School board development fees make it hard to build affordable housing, non-profit says | CBC News
[ad_1]
The flat-rate fees school boards charge developers are making it harder for low-income families and unhoused people to put a roof over their heads, according to a local non-profit affordable housing developer.
Jeff Neven, executive director of Indwell, initially told CBC Hamilton about education development charges three years ago and says the situation has only gotten worse.
When someone builds in a municipality like Hamilton, they must pay school boards a fee.
The public school board’s website states, in 2020, the charge was $1,573 per residential unit and 43 cents per square foot of the gross floor area of non-residential development. It’s unclear if the rates have increased since then. The Catholic board’s fee is $1,701 and 55 cents per square foot of non-residential developments.
The millions of dollars the boards get per year from this can only be used to build or develop new schools.
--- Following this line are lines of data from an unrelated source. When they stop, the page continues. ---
Lemma simple_cycle_Ap_root m c1 r y :
  path e p (rcons (rcons m c1 ++ r) p) -> uniq (p :: rcons m c1 ++ r) ->
  Vp e p c1 -> ~~ has inVp m -> Ap e p p y -> y = c1.
Proof.
(* Otherwise y comes after c1 on the cycle, and the cycle p -> y -> ... -> p through the
   interval of y would have to revisit c1. *)
move=> pc uc Vc1 /hasPn nVm Ay; apply: contrapT => yc1.
have [my pmy Nmy] := Ap_interval Ay.
have c1p : c1 != p by apply: contraTneq uc => ->; rewrite /= mem_cat mem_rcons mem_head.
have c1my : c1 \notin my by apply/negP => /Nmy.
have [yp|yp] := eqVneq y p.
  move: pmy; rewrite yp => /Vp_cycle/(_ Vc1).
  by rewrite inE (negbTE c1p) (negbTE c1my).
have : y \in rcons m c1 ++ r by move: (Vp_cycle pc Ay.2.1); rewrite inE (negbTE yp).
rewrite mem_cat mem_rcons inE => /orP[/orP[/eqP //|ym]|yr].
  by have := nVm y ym; rewrite (asboolT Ay.2.1).
case/splitPr: yr pc uc => r1 r2 pc uc.
have c1r : c1 \notin r1 ++ y :: r2.
  move: uc; rewrite /= cat_uniq => /and4P[_ _ /hasPn c1r _].
  by apply/negP => /c1r; rewrite mem_rcons mem_head.
have : c1 \in p :: rcons my y ++ r2.
  apply: Vp_cycle Vc1; rewrite rcons_cat cat_path pmy last_rcons.
  by move: pc; rewrite !rcons_cat rcons_cons catA cat_path => /andP[_ /andP[]].
rewrite -cat_cons mem_cat in_cons mem_rcons in_cons (negbTE c1p) (negbTE c1my) orbF /=.
by move=> h; move/negP: c1r; apply; rewrite mem_cat in_cons h orbT.
Qed.

Lemma root_acyclic s : path e p s -> p \notin s.
Proof.
apply: contraTN => /splitPr[s1 s2]; apply/negP; rewrite cat_path /= => /and3P[ps1 e1 _].
have [c pc uc] : exists2 c, path e p (rcons c p) & uniq (p :: c).
  by move: e1; case: (shortenP ps1) => c pc uc _ e1; exists c; rewrite // rcons_path pc.
have [hasV|/hasPn nV] := boolP (has inVp c).
  case/split_find: hasV pc uc => c1 m r /asboolP Vc1 nVm pc uc.
  have to_c1 := simple_cycle_Ap_root pc uc Vc1 nVm.
  by apply: y1_neq_y2; rewrite (to_c1 _ Ap_y1) (to_c1 _ Ap_y2).
have only_p z : Vp e p z -> z = p.
  by move=> Vz; case/predU1P: (Vp_cycle pc Vz) => // /nV; rewrite asboolT.
by apply: y1_neq_y2; rewrite (only_p _ Ap_y1.2.1) (only_p _ Ap_y2.2.1).
Qed.

Lemma Ap_neq_root x y : Ap e p x y -> y <> p.
Proof.
move=> Ay yp; have [s ps lx] := Vp_reach Ay.1; have [m pm _] := Ap_interval Ay.
have := root_acyclic (s := s ++ rcons m y).
by rewrite cat_path ps lx pm mem_cat mem_rcons yp mem_head orbT => /(_ isT).
Qed.

Lemma Ap_inner x y : Ap e p x y -> inner y.
Proof. by move=> Ay; split; [exact: Ay.2.1 | exact: Ap_neq_root Ay]. Qed.

Lemma inner_other z : exists2 y, inner y & y <> z.
Proof.
have [<-|/eqP y1z] := eqVneq y1 z; last by exists y1; first exact: Ap_inner Ap_y1.
by exists y2; [exact: Ap_inner Ap_y2 | exact: nesym].
Qed.

Lemma Ap_root_Vp y z : Ap e p p y -> inner z -> Vp e y z.
Proof.
move=> Ay [Vz zp]; have [->|zy] := eqVneq z y; first exact: Vp_refl.
have [m pm Nm] := Ap_interval Ay.
have := Vp_last pm _ Vz; rewrite last_rcons; apply.
rewrite in_cons mem_rcons in_cons (negbTE zy) negb_or; apply/andP; split; first exact/eqP.
by apply/negP => /Nm.
Qed.

Lemma inner_Vp x z : inner x -> inner z -> Vp e x z.
Proof.
(* A maximal path from x avoiding z also avoids y1 and y2. Prefixing it with the part
   after the last visit to {y1, y2} of a walk from y1 to x, and with the interval from p,
   yields a maximal path from p that avoids one of y1, y2. *)
move=> Ix Iz; apply/VpP => avoid_z.
have avoid y : Ap e p p y -> maxpath_in e x (predC1 y).
  move=> Ay; have := maxpath_in_avoid (Ap_root_Vp Ay Iz) (fun w => id) avoid_z.
  by apply: maxpath_in_sub => w /andP[].
have [s ps ly] := Vp_reach (Ap_root_Vp Ap_y1 Ix).
have y1_in : pred2 y1 y2 y1 by rewrite /= eqxx.
have [u [s' [/pred2P u12 pu lu /hasPn ns']]] := path_last_visit ps y1_in.
have [y1s y2s] : y1 \notin s' /\ y2 \notin s'.
  by split; apply/negP => /ns'; rewrite /= eqxx ?orbT.
suff escape v : Ap e p p u -> Ap e p p v -> v <> u -> v \notin s' -> False.
  case: u12 => uy; subst u; [apply: (escape y2) | apply: (escape y1)] => //.
  exact: nesym.
move=> Au Av vu vs'; have [mu pmu Nmu] := Ap_interval Au.
have v_off : v \notin p :: rcons mu u ++ s'.
  rewrite in_cons mem_cat mem_rcons in_cons !negb_or vs' andbT.
  apply/and3P; split; [exact/eqP/(Ap_neq_root Av) | exact/eqP |].
  by apply/negP => /Nmu; apply; exact: Av.2.1.
have /VpP := Av.2.1; apply; apply: (maxpath_in_cat (s := rcons mu u ++ s')).
- by rewrite cat_path pmu last_rcons.
- by apply/allP => w ws /=; apply: contraNneq v_off => <-.
- by rewrite last_cat last_rcons lu ly; exact: avoid.
Qed.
Neven says the problem is the fee is a flat rate and doesn’t consider if someone is building affordable housing or housing that may not house many children.
“A 250 square foot apartment unit has the same charges as a five-bedroom house in Binbrook,” he said.
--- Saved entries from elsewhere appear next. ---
(* Let $D$ be a crossing optimal normalized 2-page book drawing of $K_n$ and $0\le k\le\lfloor n/2\rfloor-2$. Then every $\le k$-edge $ij$ ($i<j$) of $D$ satisfies $i\le k+1$ or $j\ge n-k$; that is, all entries of $M(D)$ representing $\le k$-edges lie in the union of the first $k+1$ rows and the last $k+1$ columns of $M(D)$.
   Context: Normalized 2-page book drawing of $K_n$: vertices $(1,0),\dots,(n,0)$ labelled $1,\dots,n$; edges $i(i+1)$ on the spine; edge $1n$ in the upper half-plane; every other edge $ij$ a semicircle over $[i,j]$ in the upper or lower half-plane. $M(D)$ has entries $(i,j)$, $1\le i<j\le n$ (row $i$, column $j$), representing edge $ij$; its columns are indexed $2,\dots,n$. For distinct vertices $p,q,r$, $r$ is on the left (right) of $\overrightarrow{pq}$ if the triangle with edges $pq,qr,rp$ traced in order $p,q,r$ is counterclockwise (clockwise); an edge is a $k$-edge if exactly $k$ of the other $n-2$ vertices lie on one side of it; each edge has a unique such index in $\{0,\dots,\lfloor n/2\rfloor-1\}$, and a $\le k$-edge is one with index at most $k$. Crossing optimal: exactly $Z(n)=\frac14\lfloor\frac n2\rfloor\lfloor\frac{n-1}2\rfloor\lfloor\frac{n-2}2\rfloor\lfloor\frac{n-3}2\rfloor$ crossings. *)

From mathcomp Require Import all_boot.
Set Implicit Arguments. Unset Strict Implicit. Unset Printing Implicit Defensive.

(* A normalized 2-page book drawing of K_n, vertices 1..n at (1,0),...,(n,0).
   Spine edges i(i+1) lie on the spine; every other edge ij (i<j, j >= i+2)
   is a semicircle over [i,j] in the upper (page i j = true) or lower
   (page i j = false) half-plane.  Values of [page] outside
   { (i,j) | 1 <= i, i+2 <= j <= n } are irrelevant. *)
Definition drawing := nat -> nat -> bool.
Neven said the rate should be variable to accommodate for affordable housing.
“It is disproportionately burdensome on people in poverty,” he previously said.
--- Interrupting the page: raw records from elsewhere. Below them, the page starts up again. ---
Definition Lambda_word (s : nat -> R) (n : nat) : nat := lam (delta s) n.

Definition factor_palindrome (w : nat -> nat) (i L : nat) : Prop :=
  forall t, (t < L)%nat -> w (i + t)%nat = w (i + (L - 1 - t))%nat.

Definition factor_at_most_3_letters (w : nat -> nat) (i L : nat) : Prop :=
  exists a b c : nat, forall t, (t < L)%nat ->
    w (i + t)%nat = a \/ w (i + t)%nat = b \/ w (i + t)%nat = c.

(* Write the points of S(theta) as values V(i,j) = i + j theta of
   lattice points (i,j) in N^2; by irrationality these coordinates are unique.
   A palindromic factor of the Lambda word at positions i .. i+L-1 has
   palindromic gaps (the labelling is injective on gap values), so the block
   s_i < ... < s_{i+L} of consecutive points is centrally symmetric: its
   lattice points lie in the box [0,I] x [0,J] spanned by the two end points
   and the point reflection (x,y) |-> (I-x, J-y) maps the block onto itself.
   Descending the Stern-Brocot tree we find Farey neighbours a/b < theta < c/d
   adapted to the box, giving positive gaps A = b theta - a, B = c - d theta;
   every lattice vector has integer coordinates (s,t) in the basis (A,B).
   For two consecutive points of a symmetric block, the gap has nonnegative
   coordinates (otherwise the mediant fits into the box), is at most A + B
   (otherwise the reflected gap admits an intermediate point), and hence is
   A, B or A + B.  Three gap values give at most three labels. *)

From Stdlib Require Import Reals List ZArith Lia Lra Psatz Classical ClassicalEpsilon.
Open Scope R_scope.

(** * The labelling [lam] is an injective function of the gap value *)

Definition scan (d : nat -> R) (n : nat) : nat -> nat -> nat :=
  fix go (k fuel : nat) : nat :=
  match fuel with
  | O => k
  | S f => if Req_EM_T (d k) (d n) then k else go (S k) f
  end.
Indwell was challenging the fees at the Local Planning Appeal Tribunal in 2020, but had to drop its case because it couldn’t find a lawyer who wasn’t attached to a municipality, school board or private developer.
Neven said the charity has spoken to the school boards and they’ve been “sympathetic” but don’t seem willing to change.
The Ministry of Education does allow for boards to implement variable rates but confirmed to CBC Hamilton that none have.
Homelessness has worsened since 2020
Since 2020, the development charges have gone up and Hamilton’s homelessness crisis has worsened.
City data shows 1,881 people were unhoused as of the end of August.
There are only 357 shelter beds and rooms in Hamilton, and the city has housed just 41 people through its programs.
Last year, there were 6,110 Hamilton families on the waitlist for public housing, but just 1,082 ended up housed.
Neven said Indwell has spent $260,000 on education development charges in Hamilton, Kitchener-Waterloo and Peel this year.
The total since 2021 has been roughly $752,000, he said.
“When trying to create deeply affordable housing, every dollar is absolutely critical,” he said.
School boards say fees are needed
Pat Daly, chair of Hamilton-Wentworth Catholic District School Board, said these fees are essentially the only money boards get to buy property to build schools on.
He noted the city’s population is expected to continue to grow and the cost of land is also on the rise.
Hamilton’s population grew from 536,917 in 2016 to 569,353 in 2021. That’s an increase of 32,436 people.
Hamilton-Wentworth District School Board declined an interview and pointed to its webpage about education development charges, but said trustees will discuss the charges this winter.
Daly said the Catholic board will review education development charges next year.
“I don’t want to speculate, but I don’t envision the circumstance where there would be need to adjust the rates downward or even at the same level, but we’ll see,” he said.